Some small-business advocates and members of Congress however say the amount of money secured by or on behalf of larger companies constituted a major flaw in the program, particularly because chains often have access to capital that independent hotels and restaurants do not.

One such example is Roark Capital. The new SBA data confirms previous reporting by The Post that brands backed by private-equity giant Roark, named for a character in Ayn Rand’s novel “The Fountainhead,” fared particularly well in securing funds, particularly during the highly competitive first round of loans, which ran out in 13 days.

Roark-backed companies franchise a wide array of retail chains. For instance, Roark is a major investor in Inspire Brands, based in Atlanta, which franchises Dunkin’, Sonic Drive-In, Jimmy John’s, Arby’s and other chains.

Neither Roark nor Inspire Brands received PPP loans directly. But companies franchised by Roark’s Inspire Brands received at least 7,439 loans across 34 businesses, for a total of more than $1 billion, receiving larger amounts more quickly than traditional small businesses, according to a Post analysis.

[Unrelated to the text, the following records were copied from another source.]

Lemma leaf_walk v : exists x p, dwalk v p (lab x).
Proof.
elim/(below_ind acyclic): v => v IH.
case: (posnP (outdeg v)) => [Hv|/card_set_gt0 [e /eqP He]].
  have Hvr : v != r by apply: contra_eq_neq Hv => ->; rewrite root_out.
  case: (node_kinds Hvr) => [/leafP [x <-]|[_ Hout]|[_ Hout]];
    [by exists x, [::]; rewrite /= eqxx | by rewrite Hout in Hv ..].
have Hve : above v (tgt e) by rewrite -He; apply: src_above_tgt.
have [x [p Hp]] := IH (tgt e) Hve.
by exists x, (e :: p); rewrite /= He eqxx.
Qed.

(* Every root-to-leaf walk can be routed through any given edge. *)
Lemma dom_edge u g : dom u -> reach u (src g) \/ reach (tgt g) u.
Proof.
move=> Hu; have [p Hp] := root_walk (src g); have [x [q Hq]] := leaf_walk (tgt g).
have Hw : dwalk r (p ++ g :: q) (lab x) by apply: dwalk_cat Hp _; rewrite /= !eqxx.
move: (Hu x _ Hw); rewrite map_cat -cat_cons mem_cat => /orP [H|H].
  by left; exact: (walk_mem Hp H).2.
by right; exact: (walk_mem Hq H).1.
Qed.

Lemma dom_above_parent u g : dom u -> above u (tgt g) -> reach u (src g).
Proof. by move=> Hu Hug; case: (dom_edge g Hu) => // /(above_reach Hug) /above_irrefl. Qed.

Lemma dom_child_reach w e : dom w -> above (src e) w -> reach (tgt e) w.
Proof. by move=> Hw Hew; case: (dom_edge e Hw) => // /reach_above /(_ Hew) /above_irrefl. Qed.

Lemma dom_next u h : dom u -> (exists e, src e = u) -> (forall e, src e = u -> tgt e = h) ->
  dom h.
Proof.
move=> Hu [e0 He0] Hh x p Hp; case: (walk_pos Hp (Hu x p Hp)) => [Eu|[g Hg Hgu]].
  by move: (leaf_no_out x e0); rewrite He0 Eu eqxx.
by rewrite inE -(Hh g Hgu) map_f ?orbT.
Qed.

Lemma dom_reach_mrca w : dom w -> reach w m.
Proof. by move=> Hw; case: (proj2 mrca w Hw) => [->|Hwm]; [left | right]. Qed.

Lemma outdeg2_of_indeg_le1 v : indeg v <= 1 -> (exists e, src e = v) -> outdeg v = 2.
Proof.
move=> Hin [e He]; case: (eqVneq v r) => [->//|Hvr].
case: (node_kinds Hvr) => [[_ H0]|[_ ->]//|[H2 _]]; last by rewrite H2 in Hin.
by move: (card_set0 e H0); rewrite He eqxx.
Qed.

Lemma indeg_child u e : dom u -> src e = u ->
  (forall e', src e' = u -> e' != e -> ~ reach (tgt e') (tgt e)) -> indeg (tgt e) = 1.
Proof.
move=> Hu He Hsep; rewrite /indeg.
suff -> : [set g | tgt g == tgt e] = [set e] by rewrite cards1.
apply/setP => g; rewrite !inE.
apply/eqP/eqP => [Hg|->//]; case: (eqVneq g e) => // Hge.
have Hga : above (src g) (tgt e) by rewrite -Hg; apply: src_above_tgt.
have : reach u (src g) by apply: dom_above_parent Hu _; rewrite Hg -He; apply: src_above_tgt.
case=> [Eu|/above_first [e' He' Hr]].
  by case: (Hsep g (esym Eu) Hge); rewrite Hg; left.
case: (eqVneq e' e) => [Ee|Hne].
  by subst e'; case: (above_irrefl (reach_above Hr Hga)).
by case: (Hsep e' He' Hne); right; apply: reach_above Hr Hga.
Qed.

Lemma sibling_on_cycle s f z (C : seq (E * V)) :
  is_cycle src tgt C -> s \in map fst C -> f != s -> src f = src s ->
  reach (tgt f) z -> reach (tgt s) z -> f \in map fst C.
Proof.
move=> HC Hs Hfs Hsrc Hfz Hsz; have [x Hx] := exists_first_meet acyclic Hfz Hsz.
have [[p Hp] [q Hq]] : (exists p, dwalk (tgt f) p x) /\ (exists q, dwalk (tgt s) q x).
  by case: Hx => /reach_walk Hfx /reach_walk Hsx _.
have HC' := first_meet_cycle acyclic Hfs Hsrc Hx Hp Hq.
have Hshare :
    has (mem (map fst C)) (map fst (cyc_fwd src (f :: p) ++ cyc_bwd tgt (s :: q))).
  by apply/hasP; exists s; rewrite // cycle_edges mem_cat mem_rev mem_head orbT.
by rewrite -(level1_net HC' HC Hshare) cycle_edges mem_head.
Qed.

Lemma first_child_meets u e1 e2 x : dom u -> above u m -> e1 != e2 ->
  src e1 = u -> src e2 = u -> (forall e, src e = u -> e = e1 \/ e = e2) ->
  first_meet src tgt (tgt e1) (tgt e2) x -> tgt e1 = x.
Proof.
move=> Hu Hum H12 H1 H2 Hout Hx; case: (Hx) => -[//|Hax] /reach_walk [P2 HP2] Hmax.
have Hm := proj1 mrca.
have Hua : above u (tgt e1) by rewrite -H1; apply: src_above_tgt.
have Hba : ~ reach (tgt e2) (tgt e1) by move=> Hba; exact: Hmax _ (or_introl erefl) Hba Hax.
have Ham : above (tgt e1) m.
  have [Eam|//] : reach (tgt e1) m by apply: dom_child_reach Hm _; rewrite H1.
  by case: Hba; rewrite Eam; apply: dom_child_reach Hm _; rewrite H2.
have [[|s1 P1] [//= _ /andP [/eqP Hs1 HP1]]] := Hax.
have Hout_a : outdeg (tgt e1) = 2.
  apply: outdeg2_of_indeg_le1; last by exists s1.
  rewrite (indeg_child Hu H1) // => e' He' Hne'.
  by case: (Hout e' He') => Ee; [rewrite Ee eqxx in Hne' | rewrite Ee].
have [f [Hfs Hf]] : exists f, f != s1 /\ src f = tgt e1.
  have [f1 [f2 [Hf12 /eqP Hf1 /eqP Hf2 Hf]]] := card_set2P Hout_a.
  by case: (Hf s1 (introT eqP Hs1)) => ->; [exists f2 | exists f1]; split=> //; rewrite eq_sym.
have HP : dwalk (tgt e1) (s1 :: P1) x by rewrite /= Hs1 eqxx.
have HC := first_meet_cycle acyclic H12 (etrans H1 (esym H2)) Hx HP HP2.
have Hs1C : s1 \in map fst (cyc_fwd src (e1 :: s1 :: P1) ++ cyc_bwd tgt (e2 :: P2)).
  by rewrite cycle_edges mem_cat in_cons mem_head orbT.
have Hreach_m e : src e = tgt e1 -> reach (tgt e) m.
  by move=> He; apply: dom_child_reach Hm _; rewrite He.
have := sibling_on_cycle HC Hs1C Hfs (etrans Hf (esym Hs1)) (Hreach_m f Hf) (Hreach_m s1 Hs1).
have Hfu : src f <> u by rewrite Hf => Eu; move: Hua; rewrite Eu; apply: above_irrefl.
rewrite cycle_edges mem_cat mem_rev !in_cons => /orP [/orP [/eqP Ef|/orP [/eqP Ef|Hf1]]|].
- by case: Hfu; rewrite Ef.
- by rewrite Ef eqxx in Hfs.
- have [Hr _] := edge_in_walk HP1 Hf1; rewrite Hf in Hr.
  by move: (above_reach (src_above_tgt s1) Hr); rewrite Hs1 => /above_irrefl.
move=> /orP [/eqP Ef|Hf2]; first by case: Hfu; rewrite Ef.
by case: Hba; rewrite -Hf; exact: (edge_in_walk HP2 Hf2).1.
Qed.

Lemma children_merge u : dom u -> above u m -> outdeg u = 2 ->
  exists h, forall e, src e = u -> tgt e = h.
Proof.
move=> Hu Hum /card_set2P [e1 [e2 [H12 /eqP H1 /eqP H2 Hout]]].
have {}Hout e : src e = u -> e = e1 \/ e = e2 by move/eqP/Hout.
have Hm e : src e = u -> reach (tgt e) m.
  by move=> He; apply: dom_child_reach (proj1 mrca) _; rewrite He.
have [x Hx] := exists_first_meet acyclic (Hm e1 H1) (Hm e2 H2).
have E1 := first_child_meets Hu Hum H12 H1 H2 Hout Hx.
have E2 : tgt e2 = x.
  apply: first_child_meets Hu Hum _ H2 H1 _ (first_meet_sym Hx); first by rewrite eq_sym.
  by move=> e /Hout [->|->]; [right | left].
by exists x => e /Hout [->|->].
Qed.

Lemma dom_step u : dom u -> above u m -> indeg u <= 1 ->
  exists h u', [/\ (forall e, src e = u -> tgt e = h), outdeg u = 2,
     (forall e, src e = h -> tgt e = u'), outdeg h = 1
   & [/\ dom u', reach u' m & indeg u' <= 1]].
Proof.
move=> Hu Hum Hin; have [e1 He1 _] := above_first Hum.
have Hu_out := outdeg2_of_indeg_le1 Hin (ex_intro _ e1 He1).
have [h Hu_h] := children_merge Hu Hum Hu_out.
have Hh_in : 1 < indeg h.
  have [e1' [e2' [H12 /eqP H1 /eqP H2 _]]] := card_set2P Hu_out.
  apply: leq_trans (_ : #|[set e1'; e2']| <= _); first by rewrite cards2 H12.
  by apply/subset_leq_card/subsetP => e /[!inE] /orP [/eqP ->|/eqP ->]; rewrite Hu_h ?eqxx.
have Hh_out : outdeg h = 1.
  have Hhr : h != r by rewrite -(Hu_h e1 He1) tgt_neq_root.
  by case: (node_kinds Hhr) => [[H _]|[H _]|[_ //]]; rewrite H in Hh_in.
have [g [/eqP Hg Hg_uniq]] := card_set1P Hh_out.
have Hh_u' e : src e = h -> tgt e = tgt g by move=> /eqP /Hg_uniq ->.
have Hdh : dom h by apply: dom_next Hu _ Hu_h; exists e1.
have Hdu' : dom (tgt g) by apply: dom_next Hdh _ Hh_u'; exists g.
exists h, (tgt g); split=> //; split; [by [] | exact: dom_reach_mrca |].
by rewrite (indeg_child Hdh Hg) // => e' /eqP /Hg_uniq ->; rewrite eqxx.
Qed.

A Roark spokeswoman declined to comment. Inspire Brands spokesman Christopher Fuller said that while Inspire itself did not apply for funds, franchise owners were using it appropriately to preserve jobs and income for employees.

“The program was designed to help independently owned and operated restaurants, whether or not they are affiliated with a broader franchise system,” Fuller said in a statement. “The funds from the program helped restaurants stay economically viable and keep people employed during an incredibly difficult time. We support efforts that benefit independently-owned and operated restaurants, whether or not they are affiliated with a broader franchise system.”


PPP is still broadly viewed as having successfully provided billions in funds to employees of small businesses, staving off deeper economic pain early in the pandemic. Congress and the Trump administration have made a series of changes since the program began last spring in order to ensure that big businesses and Wall Street banks don’t take advantage of the program at the expense of independent small businesses.

A third round of PPP funds totaling $284 billion began Jan. 15, with the program opening initially only to lenders with less than $1 billion in assets under management. Borrowers who received funds from the program previously may receive another round of funds, but borrowers receiving a second loan must have no more than 300 employees.

Another change is that all borrowers this time around must show they experienced a 25 percent or more reduction in revenue in 2020 compared to 2019.

That provision should bar some companies that have fared well during the pandemic, such as fast food restaurants with drive-through lanes, from receiving money while hotels, gyms and other businesses that have suffered steep revenue losses may still be eligible.